Detecting Malware in AI Models with Filescan.io
With the rise of AI adoption, malicious AI models are emerging as a new vector in real-world attack campaigns. This blog explores how threat actors leverage AI to make it become real threats — and how emulation-based sandbox ultilizes pickle scanning tools, disassembly code analysis to deal with these Malicious models and detect advanced evasion techniques used in the wild
Artificial intelligence has become part of everyday life.
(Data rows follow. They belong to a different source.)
(* Let $n\ge1$, $u,v\in\mathfrak{S}_n$ and $J,K\subseteq[n-1]$. Then: (i) if $u\le v$ then $u_J\le v_J$; and if $K\subseteq J$ then $u_K\ge u_J$; (ii) $u_J\wedge v_K=(u\wedge v)_{J\cup K}$; (iii) if $J\subseteq\mathrm{GDes}(v)$ and $K\subseteq\mathrm{GDes}(u)$, then $u_J\vee v_K=(u\vee v)_{J\cap K}$.
   Context: Permutations in one-line notation. For a sequence $(a_1,\ldots,a_m)$ of distinct integers, $\mathrm{st}(a_1,\ldots,a_m)\in\mathfrak{S}_m$ is the unique permutation $x$ with $x_i<x_j\iff a_i<a_j$. For $x\in\mathfrak{S}_a,y\in\mathfrak{S}_b$, $x\times y\in\mathfrak{S}_{a+b}$ has $(x\times y)(i)=x_i$ for $i\le a$ and $(x\times y)(a+j)=a+y_j$. For $u\in\mathfrak{S}_n$ and $J=\{p_1<\cdots<p_k\}\subseteq[n-1]$, $u_J=\mathrm{st}(u_1,\ldots,u_{p_1})\times\mathrm{st}(u_{p_1+1},\ldots,u_{p_2})\times\cdots\times\mathrm{st}(u_{p_k+1},\ldots,u_n)$, and $u_\emptyset=u$. Weak order: $u\le v$ iff $\mathrm{Inv}(u)\subseteq\mathrm{Inv}(v)$, $\mathrm{Inv}(u)=\{(i,j):i<j,u_i>u_j\}$; it is a lattice with meet $\wedge$ and join $\vee$. $\mathrm{GDes}(u)$ is the set of $p\in[n-1]$ with $u_i>u_j$ for all $i\le p<j$. *)

(* Permutations of {1..n} are 'S_n = {perm 'I_n}, with the
   0-based convention: the one-line entry u_{i+1} is (u i : nat) + 1. *)
From mathcomp Require Import all_boot fingroup perm.
Set Implicit Arguments. Unset Strict Implicit. Unset Printing Implicit Defensive.

Section Defs.
Variable n : nat.

Definition Inv (u : 'S_n) : {set 'I_n * 'I_n} :=
  [set ij : 'I_n * 'I_n | (ij.1 < ij.2) && (u ij.2 < u ij.1)].

Definition weak_le (u v : 'S_n) : bool := Inv u \subset Inv v.

Definition is_meet (u v w : 'S_n) : bool :=
  [&& weak_le w u, weak_le w v &
      [forall z : 'S_n, (weak_le z u && weak_le z v) ==> weak_le z w]].
Definition is_join (u v w : 'S_n) : bool :=
  [&& weak_le u w, weak_le v w &
      [forall z : 'S_n, (weak_le u z && weak_le v z) ==> weak_le w z]].

(* The meet and join of the weak-order lattice (the pick always succeeds,
   since the weak order on 'S_n is a lattice; 1 is a dummy default). *)
Definition meet (u v : 'S_n) : 'S_n := odflt 1%g [pick w | is_meet u v w].
Definition join (u v : 'S_n) : 'S_n := odflt 1%g [pick w | is_join u v w].

(* Global descents: a cut position p (1 <= p <= n-1, i.e. cutting after the
   first p entries) such that every entry left of the cut exceeds every entry
   right of it.  0-based: for all i < p <= j, u i > u j. *)
Definition GDes (u : 'S_n) : {set 'I_n} :=
  [set p : 'I_n | (0 < p) &&
     [forall i : 'I_n, forall j : 'I_n, ((i < p) && (p <= j)) ==> (u j < u i)]].

(* A cut set J (elements p, 1 <= p <= n-1) splits positions 0..n-1 into
   consecutive blocks; cut p separates positions p-1 and p. *)
Definition same_block (J : {set 'I_n}) (i j : 'I_n) : bool :=
  [forall p in J, ~~ ((minn i j < p) && (p <= maxn i j))].

Definition blk_start (J : {set 'I_n}) (i : 'I_n) : nat :=
  \max_(p in J | p <= i) (p : nat).

(* u_J = st(block 1) x st(block 2) x ... : position i is sent to the start of
   its block plus the rank of u i among the values of u on its block. *)
Definition parab_fun (J : {set 'I_n}) (u : 'S_n) (i : 'I_n) : 'I_n :=
  insubd i (blk_start J i + #|[set j : 'I_n | same_block J i j & u j < u i]|).

(* insubd i: the value is always < n; the default i is never used. *)
(* turn a function into a permutation (it is always injective here;
   the fallback 1 is never used). *)
Definition mkperm (f : 'I_n -> 'I_n) : 'S_n :=
  (if injectiveb f as b return (injectiveb f = b -> 'S_n)
   then fun H => perm (injectiveP f H) else fun _ => 1%g) (erefl _).

Definition parab (J : {set 'I_n}) (u : 'S_n) : 'S_n := mkperm (parab_fun J u).

End Defs.

From mathcomp Require Import all_boot fingroup perm.
From mathcomp Require Import zify.
Set Implicit Arguments. Unset Strict Implicit. Unset Printing Implicit Defensive.

(* A permutation is determined by its inversion set, and the inversion sets
   are exactly the biclosed relations: those that are transitive and whose
   complement (among pairs i < j) is transitive too.  The inversions of u_J
   are the inversions of u lying inside a J-block, which gives (i) at once.
   The join of u and v has as inversions the transitive closure of the union
   of theirs, and the meet is obtained dually; (ii) follows because a lower
   bound of u_J and v_K has all its inversions inside blocks of J and of K.
   For (iii), let z be above u_J and v_K.  A pair i < j separated by a cut of
   J but not of K is an inversion of v (that cut is a global descent of v)
   inside a K-block, hence an inversion of z; splitting along intermediate
   cuts and using transitivity, every pair separated by J :|: K but not by
   J :&: K is an inversion of z.  Adding to the inversions of z all pairs
   separated by J :&: K thus yields a biclosed relation, i.e. an upper bound
   of u and v whose (J :&: K)-parabolic part is below z. *)

Section Parabolic.
Variable n : nat.
Implicit Types (X J K : {set 'I_n}) (u v w z : 'S_n) (s : rel 'I_n).

Lemma same_blockP X (i j : 'I_n) :
  reflect (forall p : 'I_n, p \in X -> ~~ ((minn i j < p) && (p <= maxn i j)))
          (same_block X i j).
Proof. exact: forall_inP. Qed.

Lemma same_blockPn X (i j : 'I_n) :
  reflect (exists2 p : 'I_n, p \in X & (minn i j < p) && (p <= maxn i j))
          (~~ same_block X i j).
Proof.
by apply: (iffP forall_inPn) => -[p pX H]; exists p; rewrite ?negbK in H *.
Qed.

Lemma same_block_refl X i : same_block X i i.
Proof. by apply/same_blockP => p _; apply/negP => /andP[]; lia. Qed.

Lemma same_blockC X i j : same_block X i j = same_block X j i.
Proof. by rewrite /same_block minnC maxnC. Qed.

Lemma same_block_sub X (i j a b : 'I_n) : i <= a -> a <= b -> b <= j ->
  same_block X i j -> same_block X a b.
Proof.
move=> ia ab bj /same_blockP sij; apply/same_blockP => p /sij.
by rewrite !negb_and -!ltnNge => /orP[] ?; apply/orP; lia.
Qed.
According to IDC, global spending on AI systems is projected to surpass $300 billion by 2026, showing how rapidly adoption is accelerating. AI is no longer a niche technology - it is shaping the way businesses, governments, and individuals operate.
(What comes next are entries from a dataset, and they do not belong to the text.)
(* Let $X$ be a complex Banach space with open unit ball $B$, let $S:X\to X$ be a bounded linear operator of finite rank such that $P=I-S$ satisfies $\|P\|=1$. Then for every $\phi\in M_0(B)$ (the fiber over $0$ of the spectrum of $A_u(B)$) and every $f\in A_u(B)$ we have $\hat f(\phi)=\widehat{f\circ P}(\phi)$. (Note $f\circ P\in A_u(B)$ since $P(B)\subset B$.)
   Context: $X$ is a complex Banach space, $B$ its open unit ball, $\bar B^{**}$ the closed unit ball of $X^{**}$. $A_u(B)$ denotes the uniform algebra (with the supremum norm on $B$) of all bounded holomorphic functions $f:B\to\mathbb C$ that are uniformly continuous on $B$. For a uniform algebra $H$ of functions on $B$ containing the restrictions of elements of $X^*$, $M_H$ is its spectrum (nonzero multiplicative linear functionals), $\hat f(\tau)=\tau(f)$ is the Gelfand transform, and for $x^{**}\in\bar B^{**}$ the fiber over $x^{**}$ is $M_{x^{**}}(B)=\{\tau\in M_H:\ \tau(x^* )=x^{**}(x^* )\ \text{for all } x^*\in X^*\}$. Here $H=A_u(B)$. *)

From Stdlib Require Import Reals.
Open Scope R_scope.

Definition Cplx : Type := (R * R)%type.
Definition C0 : Cplx := (0, 0).
Definition C1 : Cplx := (1, 0).
Definition Cadd (a b : Cplx) : Cplx := (fst a + fst b, snd a + snd b).
Definition Copp (a : Cplx) : Cplx := (- fst a, - snd a).
Definition Csub (a b : Cplx) : Cplx := Cadd a (Copp b).
Definition Cmul (a b : Cplx) : Cplx :=
  (fst a * fst b - snd a * snd b, fst a * snd b + snd a * fst b).
Definition Cmod (a : Cplx) : R := sqrt (fst a * fst a + snd a * snd a).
Software developers are increasingly incorporating Large Language Model (LLM) functionality to create these features inside their applications. Well-known LLMs such as OpenAI’s ChatGPT, Google’s Gemini, and Meta’s LLaMA are now being built directly into business platforms and consumer tools. From customer support chatbots to productivity software, AI is being embedded to improve efficiency, reduce costs, and keep organizations competitive.
But with every new technology comes new risks. The more we rely on AI, the more appealing it becomes as a target for attackers. One threat in particular is gaining attention: malicious AI models - files that look like helpful tools but may conceal hidden dangers.
Malicious Pretrained AI Models
Training an AI model from scratch can take weeks, powerful computers, and huge amounts of data. To save time, developers often reuse “pretrained models” that others have already built. These models are stored and shared through platforms like PyPI, Hugging Face, or GitHub, usually in special file formats such as Pickle and PyTorch.
On the surface, this makes perfect sense. Why reinvent the wheel if a model already exists? But here’s the catch: not all models are safe. Some can be modified to hide malicious code. Instead of helping with speech recognition or image detection, they can quietly run harmful instructions as soon as they’re loaded.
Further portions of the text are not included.